• **WHAT IS EXPECTED**
Show all lines from the listing below that contain "tauto".

• **MATERIAL SUPPLIED**
Lemma threshold_exists (P : nat -> Prop) (n : nat) :
  (forall x y, (x <= y)%nat -> (y < n)%nat -> P x -> P y) ->
  exists d, (d <= n)%nat /\ forall x, (x < n)%nat -> (P x <-> (d <= x)%nat).
Proof.
  induction n as [| n IH]; intro Hup.
  - exists 0%nat. split; [lia | intros; lia].
  - destruct IH as [d [Hd Hx]]; [intros x y Hxy Hy; apply Hup; lia |].
    destruct (Nat.eq_dec d n) as [-> | Hne].
    + destruct (classic (P n)) as [Pn | nPn].
      * exists n. split; [lia |]. intros x Hxn.
        destruct (Nat.eq_dec x n) as [-> | ]; [tauto |]. rewrite Hx by lia. lia.
      * exists (S n). split; [lia |]. intros x Hxn.
        destruct (Nat.eq_dec x n) as [-> | ]; [split; [tauto | lia] |]. rewrite Hx by lia. lia.
    + exists d. split; [lia |]. intros x Hxn. destruct (Nat.eq_dec x n) as [-> | ].
      * split; intro; [lia |]. apply (Hup d n); [lia | lia | apply Hx; lia].
      * apply Hx; lia.
Qed.

Theorem proposition2 (N T : nat) (alpha0 beta0 : R)
    (xi : nat -> nat) (cp cu : nat -> R) :
  (1 <= N)%nat -> (1 <= T)%nat -> 0 < alpha0 -> 0 < beta0 ->
  (forall i, (1 <= i <= N)%nat -> (1 <= xi i)%nat /\ 0 < cp i < cu i) ->
  forall (t k i : nat), (t < T)%nat -> (1 <= i <= N)%nat ->
  exists delta : nat, (0 < delta <= xi i)%nat /\
    forall x : nat,
      optimal N T alpha0 beta0 (xi i) (cp i) (cu i) t x k 1%nat <-> (delta <= x)%nat.
Proof.
  intros _ _ Ha Hb Hi t k i Ht Hii.
  destruct (Hi i Hii) as [Hxi [Hcp Hcc]].
  assert (Ha0 : 0 <= alpha0) by lra.
  assert (Hcp0 : 0 <= cp i) by lra.
  assert (Hcpu : cp i <= cu i) by lra.
  set (P := fun x => cp i + cont N T alpha0 beta0 (xi i) (cp i) (cu i) (T - S t) 0%nat k <=
                     cont N T alpha0 beta0 (xi i) (cp i) (cu i) (T - S t) x k).
  destruct (threshold_exists P (xi i)) as [d [Hd HP]].
  { intros x y Hxy _ HPx. unfold P in *.
    pose proof (cont_mono N T alpha0 beta0 (xi i) (cp i) (cu i) Ha0 Hb Hcp0 Hcpu
                  (T - S t) k x y Hxy).
    lra. }
  (* At wear level 0, keeping is strictly cheaper than replacing (c_p > 0). *)
  assert (not_P0 : ~ P 0%nat) by (unfold P; lra).
  exists d. split.
  - split; [| exact Hd]. destruct d; [| lia]. exfalso. apply not_P0, HP; lia.
  - intro x. rewrite optimal_replace_iff by exact Ht.
    destruct (Nat.lt_ge_cases x (xi i)) as [Hlt | Hge].
    + rewrite <- (HP x Hlt). split; [intros [Hge | HPx]; [lia | exact HPx] | now right].
    + split; [lia | now left].
Qed.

• **TASK SOLUTION**
        destruct (Nat.eq_dec x n) as [-> | ]; [tauto |]. rewrite Hx by lia. lia.
        destruct (Nat.eq_dec x n) as [-> | ]; [split; [tauto | lia] |]. rewrite Hx by lia. lia.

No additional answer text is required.